Do I feel guilty for participating in Comfort Food Fest?

I feel guilty for a multitude of things... but this is not one of them.

One thing I do feel guilty about is my lack of blogging the last few months. Yes, summer was busy & time to write was a premium. Yes, there were days when I was plain & simply just too dang tired to do it. Yes, there were days (a few) when I literally had nothing on my mind to share. But, in all honesty, its more than that. The simple truth is that a lot of days I have chosen not to write because I was so miserable that I could hardly stand to be around myself, the thought of putting together a happy post was more than I could do, and the last thing I want is to be one of those people that writes negative post upon negative post. So I have sat in silence...

This is far from my first deployment... but its different in so many ways than any I have experienced before. Considering the state of my marriage for most of the last fifteen years, deployments have become something like a breath of fresh air for me - a time when I can breathe and be my true self for a few months.
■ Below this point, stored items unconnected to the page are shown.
Lemma ham_kernel_herm Omega delta J t s :
  ham_kernel Omega delta J t s = (ham_kernel Omega delta J s t)^*%R.
Proof.
have spin_real b : spin R b \is Num.real by case: b; rewrite /spin ?rpredN rpred1.
have pot_real : potential delta J t \is Num.real.
  rewrite rpredD ?rpredM ?complex_real ?rpred_sum // => i _.
  by rewrite rpred_sum // => j _; rewrite !rpredM ?complex_real.
rewrite conj_Creal; last first.
  by rewrite rpredD ?rpredM ?complex_real ?rpred_nat ?rpred_sum // => i _; rewrite rpred_nat.
rewrite /ham_kernel; congr (_ * _ + _); first by apply: eq_bigr => i _; rewrite flip_eq_sym.
by case: (eqVneq s t) => [->|st] //; rewrite !mul0r.
Qed.

End SpinChain.

Section GroundState.
Variables (R : rcfType) (N : nat) (Omega delta : R) (J : 'I_N -> 'I_N -> R).
Hypothesis Omega_neq0 : Omega != 0.
Local Notation C := R[i].
Local Notation H := (hamiltonian Omega delta J).
Local Notation K := (ham_kernel Omega delta J).
Local Notation sg := (- Num.sg Omega%:C).

Definition hopping (u : state R N) : C :=
  \sum_s \sum_(i < N) u (flip i s) * (u s)^*%R.

Lemma kernel_form_hamiltonian (u : state R N) :
  kernel_form K u = Omega%:C * hopping u + \sum_s potential delta J s * `|u s| ^+ 2.
Proof.
rewrite /kernel_form; under eq_bigr do rewrite -hamiltonian_kernelE hamiltonianE mulrDl.
rewrite big_split /= mulr_sumr; congr (_ + _); apply: eq_bigr => s _.
  by rewrite -mulrA mulr_suml.
by rewrite normCK mulrA.
Qed.

Lemma norm_hopping_le (u : state R N) :
  `|hopping u| <= \sum_s \sum_(i < N) `|u (flip i s)| * `|u s|.
Proof.
rewrite (le_trans (ler_norm_sum _ _ _)) // ler_sum // => s _.
rewrite (le_trans (ler_norm_sum _ _ _)) // ler_sum // => i _.
by rewrite normrM norm_conjC.
Qed.

Lemma OmegaC_neq0 : Omega%:C != 0.
Proof. by rewrite eq_complex /= eqxx andbT. Qed.

(* Conjugation by this diagonal sign matrix turns the hopping term of [H] into
   [-|Omega|] times the adjacency matrix of the hypercube. *)
Definition sign_pattern (t : config N) : C := \prod_(i < N) (if t i then sg else 1).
I still feel that sense of being able to breathe this time... its the being my true self part that I'm not feeling. I don't even know who or what that is anymore.

In the midst of being so sad and uncertain, I'm so thankful for a BFF that actually sees the need and takes the time to care even though she is incredibly busy. I hope everyone has someone they can turn to in time of need... because I'm once again reminded of how important that is... the difference it can make.

Monday, February 22, 2010

"Cereal Pa"

Most of my friends have mentioned a "favorite" food that their Mom made when they were growing up - usually something sweet & definitely far from healthy- that has now become a sort of comfort food for them. For me, this is a bit of a foreign concept. My Mom HATES food, cooking and pretty much anything to do with the kitchen. When I was a little girl, before my Dad passed away, I remember her making simple meals (definitely nothing memorable). After my Dad passed away, her primary method of food preparation was deciding which restaurant to drive us to for dinner. Hmmm... could this be why, as much as I LOVE cooking, I find myself drawn to the allure of restaurants so frequently?


While my friends have their "favorite" comfort foods from their Mom's... I have "cereal pa." My Grandpa's favorite cereal was Peanut Butter Cap'n Crunch, but when I was a little I couldn't say that & have always called it "cereal pa." I'm not big on sugary, fake flavored cereals, but this is one I can't seem to let go of... and I've pretty much decided not to. However, like so many things in my life... I have assigned little rules to it. #1: I will only buy it when its on sale (ie. no more than $2 per box) and #2: I only eat one bowl (measured serving) per box. Usually I make my bowl, the last serving in the box, so there's no chance of going back for more. This has worked well & kept me from eating it by the box.


A few weeks ago it was on sale for $1 per box, but you had to buy five boxes. Five boxes equals five bowls of my favorite cereal for me - or does it? I made it through boxes 1, 2 & 3 without having a single bowl. On box #4 I succumbed and had a bowl... unmeasured which is so not like me. Box #5 is in the cupboard, unopened... and I'm determined that when it is opened I will resist. One bowl out of five boxes seems reasonable... and I'm not feeling at all like I'm being deprived of something I love.


How do you keep from going overboard on foods you really like? Are there foods you have to totally avoid?


On another note: I'm finding it way more difficult to get back to my routine than I thought I would after the weekend. I mean it was only a couple days...but it feels like its been a couple months since I happily went to the gym & ate a "planned" meal. But I'm working on meal planning for the week (starting tomorrow) and will get to the gym later this evening.


I fell a little short on my mini-goal last week... gonna keep the same goal for this week. Hopefully a "normal" week will make it attainable. Hope every one's week is off to a good start!